> **What this task involves**: Below are entries; copy exactly the lines from the one with "1 => omegastar_t" through the one with "[ffun i : 'I_s.+1", both included, and leave out the rest.

> **Dataset items**:
———
(* The family $\mathfrak{F}^*=\{\tilde{\omega},\tilde{\omega^*}\}\cup\{\tilde{L}_n:n\geq 2\}$ is $\mathbf{PL}$-learnable.
   Context: Partial orders are structures in the language $\{\leq\}$. $\omega$ and $\omega^*$ are the linear orders of the natural numbers and of the negative integers; $L_n$ is the finite linear order with $n$ elements. For a partial order $L$, $\tilde{L}$ is $L$ together with infinitely many new elements that are pairwise incomparable and incomparable to the elements of $L$ (presented with domain $\mathbb{N}$). All structures have domain $\mathbb{N}$ and are identified with their atomic diagrams. For a family $\mathfrak{K}$ (countable set of pairwise nonisomorphic structures), $\mathcal{S}\restriction_s$ is the finite substructure of $\mathcal{S}$ on $\{0,\dots,s\}$ and $\mathrm{LD}(\mathfrak{K})$ is the set of structures with domain $\mathbb{N}$ isomorphic to a member of $\mathfrak{K}$. A learner is an arbitrary function from $\{\mathcal{S}\restriction_s:\mathcal{S}\in\mathrm{LD}(\mathfrak{K})\}$ to $\{\ulcorner\mathcal{A}\urcorner:\mathcal{A}\in\mathfrak{K}\}\cup\{?\}$. $\mathfrak{K}$ is $\mathbf{PL}$-learnable if some learner $\mathbf{M}$ satisfies: for every $\mathcal{S}\in\mathrm{LD}(\mathfrak{K})$ and $\mathcal{A}\in\mathfrak{K}$, $\{n:\mathbf{M}(\mathcal{S}\restriction_n)=\ulcorner\mathcal{A}\urcorner\}$ is infinite iff $\mathcal{A}\cong\mathcal{S}$. *)

From mathcomp Require Import all_boot.
Set Implicit Arguments. Unset Strict Implicit. Unset Printing Implicit Defensive.

(* A structure in the language {<=} with domain nat, identified with its
   atomic diagram: the characteristic function of the relation <=. *)
Definition structure := nat -> nat -> bool.

Definition iso (S A : structure) : Prop :=
  exists f : nat -> nat, bijective f /\ forall x y, S x y = A (f x) (f y).

(* Members with "tilde": even numbers carry the partial order L, odd numbers
   are the infinitely many new pairwise incomparable elements. *)

Definition omega_t : structure := fun x y =>
  if odd x || odd y then x == y else x./2 <= y./2.

Definition omegastar_t : structure := fun x y =>
  if odd x || odd y then x == y else y./2 <= x./2.

Definition Ln_t (n : nat) : structure := fun x y =>
  if (x < n) && (y < n) then x <= y else x == y.

Definition Fstar (i : nat) : structure :=
  match i with
  | 0 => omega_t
  | 1 => omegastar_t
  | n => Ln_t n
  end.

Definition LD (S : structure) : Prop := exists i, iso S (Fstar i).

Definition finsub (s : nat) := {ffun 'I_s.+1 -> {ffun 'I_s.+1 -> bool}}.
Definition restr (S : structure) (s : nat) : finsub s :=
  [ffun i : 'I_s.+1 => [ffun j : 'I_s.+1 => S i j]].

(* A learner: arbitrary function from finite substructures to codes of
   members of the family (Some i) or '?' (None). *)
Definition learner := forall s : nat, finsub s -> option nat.

Definition infinitely_often (P : nat -> Prop) : Prop :=
  forall m, exists n, m <= n /\ P n.

Definition PL_learnable_Fstar : Prop :=
  exists M : learner, forall S : structure, LD S ->
    forall i : nat,
      infinitely_often (fun n => M n (restr S n) = Some i) <-> iso S (Fstar i).

From mathcomp Require Import all_boot.

Set Implicit Arguments.
Unset Strict Implicit.
Unset Printing Implicit Defensive.

(* The learner looks at the newest element s of the stage.  If s is comparable
   to an earlier element, it lies on the infinite chain: the learner guesses
   omega~ if s lies above everything earlier comparable to it, (omega^* )~ if
   below, and ? otherwise.  If s is isolated so far, it guesses L_n~ for the
   number n of elements of the stage comparable to some other one.
   On a copy of L_n~ all n chain elements eventually appear and every later
   element is isolated, so the guess settles on n.  On a copy of omega~ every
   later chain element lies above the copy of the least element, so (omega^* )~
   is guessed only finitely often; the chain elements that exceed all earlier
   ones (records) make omega~ guessed infinitely often; and the growing chain
   rules out each L_n~.  The case of (omega^* )~ is the dual one. *)

Definition related (S : structure) x y := (x != y) && (S x y || S y x).
Definition in_chain S s x := has (related S x) (iota 0 s.+1).
Definition chain_size S s := count (in_chain S s) (iota 0 s.+1).
Definition related_to_past S s := has (related S s) (iota 0 s).
Definition above_past (S : structure) s :=
  all (fun y => related S y s ==> S y s) (iota 0 s).
Definition below_past (S : structure) s :=
  all (fun y => related S y s ==> S s y) (iota 0 s).

Definition guess S s : option nat :=
  if related_to_past S s then
    if above_past S s && ~~ below_past S s then Some 0
    else if below_past S s && ~~ above_past S s then Some 1 else None
  else if 1 < chain_size S s then Some (chain_size S s) else None.

Definition of_finsub s (F : finsub s) : structure := fun x y =>
  [&& x <= s, y <= s & F (inord x) (inord y)].

Definition guess_learner : learner := fun s F => guess (of_finsub F) s.

Definition eventually (P : nat -> Prop) := exists N, forall n, N <= n -> P n.

Definition identifies S j :=
  infinitely_often (fun s => guess S s = Some j) /\
  forall i, i != j -> eventually (fun s => guess S s != Some i).

Lemma mem_iota0 n x : (x \in iota 0 n) = (x < n).
Proof. by rewrite mem_iota. Qed.

Lemma eventually_io P : eventually P -> infinitely_often P.
Proof.
move=> [N PN] m; exists (maxn m N); split; first exact: leq_maxl.
by apply: PN; exact: leq_maxr.
Qed.

Lemma eventually_gt_image (h : nat -> nat) n :
  eventually (fun s => forall i, i < n -> h i < s).
Proof.
exists (\max_(i < n) h i).+1 => s le_s i lt_in; apply: leq_trans le_s.
by rewrite ltnS (leq_bigmax (F := fun i : 'I_n => h i) (Ordinal lt_in)).
Qed.

Lemma guess_local S1 S2 s :
  (forall x y, x <= s -> y <= s -> S1 x y = S2 x y) -> guess S1 s = guess S2 s.
Proof.
move=> eqS.
have eq_rel x y : x <= s -> y <= s -> related S1 x y = related S2 x y.
  by move=> xs ys; rewrite /related !eqS.
rewrite /guess.
have -> : related_to_past S1 s = related_to_past S2 s.
  by apply: eq_in_has => y; rewrite mem_iota0 => /ltnW ys; rewrite eq_rel.
have -> : above_past S1 s = above_past S2 s.
  by apply: eq_in_all => y; rewrite mem_iota0 => /ltnW ys; rewrite eq_rel ?eqS.
have -> : below_past S1 s = below_past S2 s.
  by apply: eq_in_all => y; rewrite mem_iota0 => /ltnW ys; rewrite eq_rel ?eqS.
suff -> : chain_size S1 s = chain_size S2 s by [].
apply: eq_in_count => x; rewrite mem_iota0 ltnS => xs.
by apply: eq_in_has => y; rewrite mem_iota0 ltnS => ys; rewrite eq_rel.
Qed.

Lemma guess_learner_restr S s : guess_learner (restr S s) = guess S s.
Proof.
apply: guess_local => x y xs ys.
by rewrite /of_finsub xs ys !ffunE !inordK.
Qed.

Lemma guess_one S s : guess S s = Some 1 -> related_to_past S s && below_past S s.
Proof.
rewrite /guess; case: (related_to_past S s).
  by case: (above_past S s); case: (below_past S s).
by case: ifP => // lt1 [c1]; rewrite c1 in lt1.
Qed.

Lemma guess_large S s i : guess S s = Some i.+2 -> chain_size S s = i.+2.
Proof.
rewrite /guess; case: (related_to_past S s); last by case: ifP => // _ [].
by case: (above_past S s); case: (below_past S s).
Qed.

Definition dual (S : structure) : structure := fun x y => S y x.

Definition swap01 n := if n is 0 then 1 else if n is 1 then 0 else n.

Lemma swap01K : involutive swap01.
Proof. by case=> [|[|n]]. Qed.

Lemma related_dual S : related (dual S) =2 related S.
Proof. by move=> x y; rewrite /related orbC. Qed.

Lemma guess_dual S s : guess (dual S) s = omap swap01 (guess S s).
Proof.
rewrite /guess.
have -> : related_to_past (dual S) s = related_to_past S s.
  exact: eq_has (related_dual S s) _.
have -> : above_past (dual S) s = below_past S s.
  by apply: eq_all => y; rewrite /= related_dual.
have -> : below_past (dual S) s = above_past S s.
  by apply: eq_all => y; rewrite /= related_dual.
have -> : chain_size (dual S) s = chain_size S s.
  by apply: eq_count => x; exact: eq_has (related_dual S x) _.
case: (related_to_past S s).
  by case: (above_past S s); case: (below_past S s).
by case: (chain_size S s) => [|[|n]].
Qed.

Lemma identifies_dual S j : identifies S j -> identifies (dual S) (swap01 j).
Proof.
move=> [io_j never]; split=> [m | i ij].
  by have [s [ms e]] := io_j m; exists s; rewrite guess_dual e.
have [|N hN] := never (swap01 i).
  by apply: contra ij => /eqP <-; rewrite swap01K.
exists N => s /hN; rewrite guess_dual; apply: contra.
by case: (guess S s) => // k /eqP [<-]; rewrite swap01K.
Qed.

Lemma related_omega a b : related omega_t a b = [&& a != b, ~~ odd a & ~~ odd b].
Proof.
rewrite /related /omega_t eq_sym.
case: (boolP (odd a)) => oa; case: (boolP (odd b)) => ob /=;
  by rewrite ?leq_total //; case: (b == a).
Qed.

Lemma omegastar_t_dual x y : omegastar_t x y = omega_t y x.
Proof. by rewrite /omegastar_t /omega_t orbC eq_sym. Qed.

Lemma related_Ln n a b : related (Ln_t n) a b = [&& a != b, a < n & b < n].
Proof.
rewrite /related /Ln_t eq_sym.
case: (boolP (a < n)) => an; case: (boolP (b < n)) => bn /=;
  by rewrite ?leq_total //; case: (b == a).
Qed.

Section Bijection.

Variables f g : nat -> nat.
Hypotheses (fK : cancel f g) (gK : cancel g f).

Lemma related_iso S A : (forall x y, S x y = A (f x) (f y)) ->
  forall x y, related S x y = related A (f x) (f y).
Proof. by move=> Sf x y; rewrite /related !Sf (inj_eq (can_inj fK)). Qed.

Lemma count_image_lt s n : (forall i, i < n -> g i <= s) ->
  count (fun x => f x < n) (iota 0 s.+1) = n.
Proof.
move=> gs; rewrite -size_filter -[RHS](size_iota 0) -[RHS](size_map g).
apply/perm_size/uniq_perm; rewrite ?filter_uniq ?iota_uniq //.
  by rewrite (map_inj_uniq (can_inj gK)) iota_uniq.
move=> x; rewrite mem_filter -{3}[x]fK (mem_map (can_inj gK)) !mem_iota0.
by case: ltnP => //= lt_fx; rewrite -[x]fK ltnS gs.
Qed.

Lemma exists_late_record (P : pred nat) :
  (forall b, exists x, b <= f x /\ P (f x)) -> forall m, exists s,
  [/\ m <= s, P (f s) & forall y, y < s -> P (f y) -> f y < f s].
Proof.
move=> unbounded m; set B := \max_(y < m) f y.
have ex : exists x, P (f x) && (B < f x).
  by have [x [lt Px]] := unbounded B.+1; exists x; rewrite Px lt.
case: (ex_minnP ex) => s /andP[Ps Bs] minimal.
exists s; split=> // [|y ys Py].
  rewrite leqNgt; apply/negP => sm.
  by have := leq_bigmax (F := fun y : 'I_m => f y) (Ordinal sm); rewrite leqNgt Bs.
apply: leq_ltn_trans Bs; rewrite leqNgt; apply: contraTN ys => By.
by rewrite -leqNgt minimal // Py.
Qed.

Section Omega.

Variable S : structure.
Hypothesis Sf : forall x y, S x y = omega_t (f x) (f y).

Let relS x y : related S x y = [&& x != y, ~~ odd (f x) & ~~ odd (f y)].
Proof. by rewrite (related_iso Sf) related_omega (inj_eq (can_inj fK)). Qed.

(* [s] is comparable to [g 0], the copy of the least element, hence above it. *)
Lemma omega_not_below s :
  g 0 < s -> related_to_past S s -> ~~ below_past S s.
Proof.
move=> g0s /hasP[y _]; rewrite relS => /and3P[_ es _].
have fs0 : f s != 0 by apply: contraTneq g0s => <-; rewrite fK ltnn.
apply/allPn; exists (g 0); first by rewrite mem_iota0.
rewrite negb_imply relS gK (ltn_eqF g0s) es Sf gK /omega_t (negbTE es) /= leqn0.
by apply: contra fs0 => /eqP h; rewrite -(even_halfK es) h.
Qed.

Lemma omega_guess_record s : g 0 < s -> ~~ odd (f s) ->
  (forall y, y < s -> ~~ odd (f y) -> f y < f s) -> guess S s = Some 0.
Proof.
move=> g0s es record.
have past : related_to_past S s.
  apply/hasP; exists (g 0); first by rewrite mem_iota0.
  by rewrite relS gK (gtn_eqF g0s) es.
rewrite /guess past (negbTE (omega_not_below g0s past)) andbT.
suff -> : above_past S s by [].
apply/allP => y; rewrite mem_iota0 => ys; apply/implyP.
rewrite relS Sf /omega_t => /and3P[_ ey _]; rewrite (negbTE ey) (negbTE es).
exact/half_leq/ltnW/record.
Qed.

Lemma omega_chain_size_unbounded k : eventually (fun s => k < chain_size S s).
Proof.
have [N early] := eventually_gt_image (fun i => g i.*2) k.+2.
exists N => s /early small.
have le_s i : i < k.+2 -> g i.*2 <= s by move/small/ltnW.
rewrite /chain_size -size_filter.
apply: (@leq_trans (size [seq g i.*2 | i <- iota 0 k.+2])).
  by rewrite size_map size_iota.
apply: uniq_leq_size.
  by rewrite map_inj_uniq ?iota_uniq // => i j /(can_inj gK) /double_inj.
move=> x /mapP[i]; rewrite mem_iota0 => ik ->.
rewrite mem_filter mem_iota0 ltnS le_s // andbT.
(* A distinct chain partner of [g i.*2]: [g 2] if [i = 0], else [g 0]. *)
apply/hasP; exists (g (i == 0 : nat).*2).
  by rewrite mem_iota0 ltnS le_s //; case: (i == 0).
rewrite relS !gK !odd_double (inj_eq (can_inj gK)) (inj_eq double_inj) !andbT.
by case: (i =P 0) => [-> | /eqP/negPf ->].
Qed.

Lemma omega_identifies : identifies S 0.
Proof.
split=> [m | [// | [_ | i _]]].
- have even_unbounded b : exists x, b <= f x /\ ~~ odd (f x).
    by exists (g b.*2); rewrite gK odd_double -addnn leq_addr.
  have [s [ms es record]] :=
    exists_late_record (P := fun a => ~~ odd a) even_unbounded (maxn m (g 0).+1).
  rewrite geq_max in ms; case/andP: ms => ms g0s.
  by exists s; split; last exact: omega_guess_record.
- exists (g 0).+1 => s g0s; apply/eqP => /guess_one/andP[past].
  exact/negP/(omega_not_below g0s past).
- have [N hN] := omega_chain_size_unbounded i.+2.
  exists N => s /hN lt; apply/eqP => /guess_large e.
  by rewrite e ltnn in lt.
Qed.

End Omega.

Section Chain.

Variables (n : nat) (S : structure).
Hypothesis Sf : forall x y, S x y = Ln_t n.+2 (f x) (f y).

Let relS x y : related S x y = [&& x != y, f x < n.+2 & f y < n.+2].
Proof. by rewrite (related_iso Sf) related_Ln (inj_eq (can_inj fK)). Qed.

Lemma Ln_guess : eventually (fun s => guess S s = Some n.+2).
Proof.
have [N hN] := eventually_gt_image g n.+2.
exists N => s /hN chain_early.
have isolated : ~~ related_to_past S s.
  apply/hasPn => y _; rewrite relS; apply/negP => /and3P[_ fs _].
  by have := chain_early _ fs; rewrite fK ltnn.
have size_n : chain_size S s = n.+2.
  have <- := count_image_lt (fun i lt_in => ltnW (chain_early i lt_in)).
  apply: eq_in_count => x; rewrite mem_iota0 ltnS => xs.
  apply/hasP/idP => [[y _] | fx]; first by rewrite relS => /and3P[].
  exists (g (f x == 0 : nat)).
    by rewrite mem_iota0 ltnS; apply/ltnW/chain_early; case: (f x == 0).
  rewrite relS gK fx -(can2_eq fK gK) /=.
  by case: (f x =P 0) => [-> | /eqP/negPf ->].
by rewrite /guess (negbTE isolated) size_n.
Qed.

Lemma Ln_identifies : identifies S n.+2.
Proof.
split; first exact/eventually_io/Ln_guess.
have [N hN] := Ln_guess.
by move=> i ni; exists N => s /hN ->; apply: contra ni => /eqP[->].
Qed.

End Chain.

End Bijection.

Lemma Fstar_identifies S j : iso S (Fstar j) -> identifies S j.
Proof.
move=> [f [[g fK gK] Sf]]; case: j Sf => [|[|n]] /= Sf.
- exact: (omega_identifies fK gK Sf).
- apply: (identifies_dual (S := dual S) (j := 0)).
  by apply: (omega_identifies fK gK) => x y; rewrite /dual Sf omegastar_t_dual.
- exact: (Ln_identifies fK gK Sf).
Qed.

Theorem mainTheorem17 : PL_learnable_Fstar.
Proof.
exists guess_learner => S [j Sj] i.
have [_ never] := Fstar_identifies Sj.
split=> [io_i | /Fstar_identifies [io_i _] m].
  case: (eqVneq i j) => [-> // | /never [N hN]].
  have [s [Ns]] := io_i N; rewrite guess_learner_restr.
  by move/eqP; rewrite (negbTE (hN s Ns)).
by have [s [ms e]] := io_i m; exists s; rewrite guess_learner_restr.
Qed.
———
> **Written answer**:
  | 1 => omegastar_t
  | n => Ln_t n
  end.

Definition LD (S : structure) : Prop := exists i, iso S (Fstar i).

Definition finsub (s : nat) := {ffun 'I_s.+1 -> {ffun 'I_s.+1 -> bool}}.
Definition restr (S : structure) (s : nat) : finsub s :=
  [ffun i : 'I_s.+1 => [ffun j : 'I_s.+1 => S i j]].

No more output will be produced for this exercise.